I know this first hand. I grew up in Hong Kong and each day it takes me three rounds of bus, minibus, and yet another bus before I can get to school. Yet oddly enough I developed a queer habit of composing Chinese poetry during those bored stiff vehicular sojourns. I would try out different sounds and rhymes till the verses fit and flow. And by the time I finally get home wasted, I do what Americans would call “crash” – collapse in bed and sleep like there’s no tomorrow. But after I came to Macau, I realized how much more productive I can be with the time I gained by obviating the need of hustling and clogging through metros and traffic jams. But that also mean I have been spending more time working on my laptop incessantly. I usually keep my MSN, QQ and now Facebook on, and boy, by proportion, I really notice that my Macau students stay online much longer and log on more frequently than my other students in Hong Kong.
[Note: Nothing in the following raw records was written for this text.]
(* Let $H=(V,E)$ be a capacitated hypergraph, let $v_1,\ldots,v_n$ be a tight ordering for $H$, and let $G=(V,E')$ be the corresponding tight graph. Then for all $1\le i<j\le n$, $d'(V_i,v_j;G)=d'(V_i,v_j;H)$.
   Context: A hypergraph $H=(V,E)$ has finite vertex set $V$, a finite multiset $E$ of edges (subsets of $V$), and capacities $c:E\to\mathbb{R}_{\ge0}$. For disjoint $A,B\subseteq V$, $d'(A,B;H)$ is the total capacity of edges $e$ with $e\cap A\ne\emptyset$, $e\cap B\ne\emptyset$ and $e\subseteq A\cup B$ (a vertex $v$ stands for $\{v\}$). For an ordering $v_1,\ldots,v_n$, $V_i=\{v_1,\ldots,v_i\}$ ($V_0=\emptyset$); it is a tight ordering if $d'(V_{i-1},v_i;H)\ge d'(V_{i-1},v_j;H)$ for all $1\le i<j\le n$. The tight graph $G=(V,E')$ with respect to $H$ and this ordering has, for each $e\in E$, an edge $e'$ of capacity $c(e)$ consisting of the last two vertices of $e$ in the ordering (the last $\min(2,|e|)$ vertices). *)

From mathcomp Require Import all_boot all_order all_algebra.
Set Implicit Arguments. Unset Strict Implicit. Unset Printing Implicit Defensive.
Import Order.TTheory GRing.Theory Num.Theory.
Local Open Scope ring_scope.

Section Hyper.
Variables (R : realDomainType) (V : finType).

Definition hypergraph := seq ({set V} * R).

Definition dprime (H : hypergraph) (A B : {set V}) : R :=
  \sum_(e <- H | [&& e.1 :&: A != set0, e.1 :&: B != set0 & e.1 \subset A :|: B]) e.2.

Definition is_ordering (s : seq V) : Prop := uniq s /\ (forall v : V, v \in s).

Definition vprefix (s : seq V) (i : nat) : {set V} := [set x in take i s].

(* the vertex at 0-based position j, i.e. v_(j+1) *)
Definition vtx (s : seq V) (j : 'I_(size s)) : V := tnth (in_tuple s) j.




(* tight ordering: for 1 <= i < j <= n, d'(V_(i-1), v_i) >= d'(V_(i-1), v_j);
   stated with 0-based positions i < j. *)
Local Arguments vtx : clear implicits.
Definition tight_ordering (H : hypergraph) (s : seq V) : Prop :=
  forall i j : 'I_(size s), (i < j)%N ->
    dprime H (vprefix s i) [set vtx s j] <= dprime H (vprefix s i) [set vtx s i].

(* last min(2,|e|) vertices of e in the ordering s *)
Definition tight_edge (s : seq V) (e : {set V}) : {set V} :=
  let t := [seq x <- s | x \in e] in [set x in drop (size t - 2)%N t].

Definition tight_graph (s : seq V) (H : hypergraph) : hypergraph :=
  [seq (tight_edge s e.1, e.2) | e <- H].

End Hyper.
Arguments vtx {V} s j.

(** An edge [e] is counted in [d'(V_i, v_j)], [j >= i], exactly when [e]
    meets the prefix [V_i] and its only vertex outside [V_i] is [v_j].  Since
    [V_i] is an initial segment of the ordering, the vertices of [e] outside
    [V_i] come last along it; so the last two vertices of [e] are the last
    vertex of [e] in [V_i] followed by [v_j] in that case, and the tight edge
    is counted too.  Conversely, the vertices of the tight edge outside [V_i]
    are the last (at most two) such vertices of [e], which are [{v_j}] only if
    [v_j] is the only one.  So [G] and [H] count the same edges, with the same
    capacities, for every ordering. *)

From mathcomp Require Import all_boot all_order all_algebra.
From mathcomp Require Import zify.
Import Order.TTheory GRing.Theory Num.Theory.
Local Open Scope ring_scope.

Set Implicit Arguments.
Unset Strict Implicit.
Unset Printing Implicit Defensive.

Section LastTwo.
Variable T : eqType.

Lemma drop_last_two_cat (t1 t2 : seq T) :
  drop (size (t1 ++ t2) - 2) (t1 ++ t2) =
  drop (size t1 + size t2 - 2) t1 ++ drop (size t2 - 2) t2.
Proof.
rewrite drop_cat size_cat; case: ltnP => [lt_t1|ge_t1].
- by rewrite (_ : size t2 - 2 = 0)%N ?drop0 //; lia.
- by rewrite [drop _ t1]drop_oversize //=; congr (drop _ _); lia.
Qed.

Lemma drop_last_two_cat_single (t1 t2 : seq T) (v : T) :
  (drop (size t1 + size t2 - 2) t1 != [::]) && (drop (size t2 - 2) t2 == [:: v])
  = (t1 != [::]) && (t2 == [:: v]).
Proof.
case: t2 => [|y [|z w]]; rewrite ?andbF //=.
- congr (_ && _); case/lastP: t1 => [|t c] //.
  by rewrite size_rcons addn1 subn2 /= -cats1 drop_size_cat //; case: t.
- rewrite eqseq_cons /= andbF [_ == [:: v]]negbTE ?andbF //.
  by apply/eqP => /(congr1 size); rewrite size_drop /=; lia.
Qed.

End LastTwo.

Section Crossing.
Variable V : finType.
Implicit Types (A e : {set V}) (s t : seq V).

Definition crossing A (B e : {set V}) : bool :=
  [&& e :&: A != set0, e :&: B != set0 & e \subset A :|: B].

Lemma dprimeE (R : realDomainType) (H : hypergraph R V) A B :
  dprime H A B = \sum_(x <- H | crossing A B x.1) x.2.
Proof. by []. Qed.

Lemma dprime_map_edges (R : realDomainType) (H : hypergraph R V)
    (f : {set V} -> {set V}) A B :
  (forall e, crossing A B (f e) = crossing A B e) ->
  dprime [seq (f x.1, x.2) | x <- H] A B = dprime H A B.
Proof. by move=> fE; rewrite !dprimeE big_map; apply: eq_bigl => x /=. Qed.

Lemma crossing_cat A (v : V) t1 t2 :
  v \notin A -> {subset t1 <= A} -> {in t2, forall x, x \notin A} -> uniq t2 ->
  crossing A [set v] [set x in t1 ++ t2] = (t1 != [::]) && (t2 == [:: v]).
Proof.
move=> vA t1A t2A ut2.
have meetA : ([set x in t1 ++ t2] :&: A != set0) = (t1 != [::]).
  case: t1 t1A => [|a t1] t1A /=.
  - apply/negbTE/negPn/eqP/setP => x; rewrite !inE.
    by apply/andP => -[/t2A/negP].
  - by apply/set0Pn; exists a; rewrite !inE eqxx t1A // mem_head.
have meetv : ([set x in t1 ++ t2] :&: [set v] != set0) = (v \in t2).
  apply/set0Pn/idP => [[x]|vt2]; last first.
    by exists v; rewrite !inE mem_cat vt2 orbT eqxx.
  rewrite !inE mem_cat => /andP[/orP[/t1A xA|xt2] /eqP xv]; subst x => //.
  by rewrite xA in vA.
have sub : ([set x in t1 ++ t2] \subset A :|: [set v]) = all (pred1 v) t2.
  apply/subsetP/allP => [h x xt2|h x].
  - have := h x; rewrite !inE mem_cat xt2 orbT (negbTE (t2A x xt2)) /=.
    by rewrite eq_sym; apply.
  - rewrite !inE mem_cat => /orP[/t1A -> //|/h /=].
    by rewrite eq_sym => ->; rewrite orbT.
rewrite /crossing meetA meetv sub; congr (_ && _).
case: t2 ut2 {meetA t2A meetv sub} => [|y [|z w]] //=.
- by move=> _; rewrite inE eqseq_cons eqxx !andbT [v == y]eq_sym andbb.
- rewrite inE negb_or => /and3P[/andP[ne_yz _] _ _].
  rewrite eqseq_cons /= andbF; apply/negbTE.
  by apply: contra ne_yz => /and4P[_ /eqP-> /eqP-> _].
Qed.

Lemma notin_vprefix s i (x : V) :
  uniq s -> x \in drop i s -> x \notin vprefix s i.
Proof.
rewrite -{1}(cat_take_drop i s) cat_uniq inE => /and3P[_ /hasPn drop_take _].
exact: drop_take.
Qed.

Lemma crossing_tight_edge s i (v : V) e :
  uniq s -> (forall x, x \in s) -> v \in drop i s ->
  crossing (vprefix s i) [set v] (tight_edge s e) =
  crossing (vprefix s i) [set v] e.
Proof.
move=> us alls vQ.
set t1 := [seq x <- take i s | x \in e]; set t2 := [seq x <- drop i s | x \in e].
have trace : [seq x <- s | x \in e] = t1 ++ t2 by rewrite -filter_cat cat_take_drop.
have t1A : {subset t1 <= vprefix s i}.
  by move=> x; rewrite mem_filter inE => /andP[].
have t2A : {in t2, forall x, x \notin vprefix s i}.
  by move=> x; rewrite mem_filter => /andP[_ /(notin_vprefix us)].
have ut2 : uniq t2 by apply/filter_uniq/drop_uniq.
have eE : e = [set x in t1 ++ t2].
  by apply/setP => x; rewrite inE -trace mem_filter alls andbT.
have vA := notin_vprefix us vQ.
clearbody t1 t2.
have t1'A : {subset drop (size t1 + size t2 - 2) t1 <= vprefix s i}.
  by move=> x /mem_drop/t1A.
have t2'A : {in drop (size t2 - 2) t2, forall x, x \notin vprefix s i}.
  by move=> x /mem_drop/t2A.
rewrite /tight_edge /= trace drop_last_two_cat eE.
rewrite (crossing_cat vA t1'A t2'A (drop_uniq _ ut2)) (crossing_cat vA t1A t2A ut2).
exact: drop_last_two_cat_single.
Qed.

Lemma vtx_in_drop s i (j : 'I_(size s)) : (i <= j)%N -> vtx s j \in drop i s.
Proof.
move=> le_ij; rewrite /vtx (tnth_nth (tnth (in_tuple s) j)) /=.
rewrite -(subnKC le_ij) -nth_drop; apply: mem_nth.
by rewrite size_drop ltn_sub2r // (leq_ltn_trans le_ij (ltn_ord j)).
Qed.

End Crossing.

(* j is 0-based: vtx s j = v_(j+1); the condition i < j+1 is (i <= j)%N. *)
Theorem mainTheorem17 (R : realDomainType) (V : finType)
    (H : hypergraph R V) (s : seq V) :
  (forall e, e \in H -> 0 <= e.2) ->
  is_ordering s ->
  tight_ordering H s ->
  forall (i : nat) (j : 'I_(size s)), (1 <= i)%N -> (i <= j)%N ->
    dprime (tight_graph s H) (vprefix s i) [set vtx s j] =
    dprime H (vprefix s i) [set vtx s j].
Proof.
move=> _ [us alls] _ i j _ le_ij.
apply: dprime_map_edges => e.
exact: crossing_tight_edge us alls (vtx_in_drop le_ij).
Qed.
Throughout my online interaction with them, two major issues rose to my attention, not without some ounces of worry. First, they tend to reveal more and more their inner world openly in the virtual world, sometimes so bubbly that you wonder what makes them so wired. But, voila, the moment you meet them the next morning in person face to face at school or on the street, they behave shier than a clam (I ain’t that off-putting, am I?). So I do agree with the observations of researches that say growing cyber communication may worsen the darker side of reclusive personality in some young people. The second problem is the euphemized expression “compensated dating” (援交 in Chinese), which is nothing short of internet prostitution. (Dating for pure consensual free sex is yet another issue which can’t be dealt with in full here.) In Hong Kong, the deterring factor that’s been checking the unbridled growth of online prostitution of underaged people is ironically the media. Hong Kong newspapers and rags often feature such offences and soup them up way beyond decency, thus raising social concerns. But in Macau, where news reporting tends to be more factual, sexual offenses appear less sensational, therefore perhaps less addressed. Here’s a scenario. Given the fact that Macau is a small place, should a teenage girl decide to sell her body to a local client met online, it wouldn’t take much time for the deal to be negotiated, paid and sealed. The teenager still gets home in time for dinner and to do homework before anyone in the family will ever notice.
Enough of these disturbing findings. Now, to counteract the fateful trend associated with internet abuse, I know many concerned parents are adamant in trying to nip it at the butt. One ideal solution I have seen done, which takes steel-like determination against all odds, is to have only ONE household computer placed smack middle in the living room in plain sight. This protects not only those need-to-be-disciplined kids, but some naughty grownups too.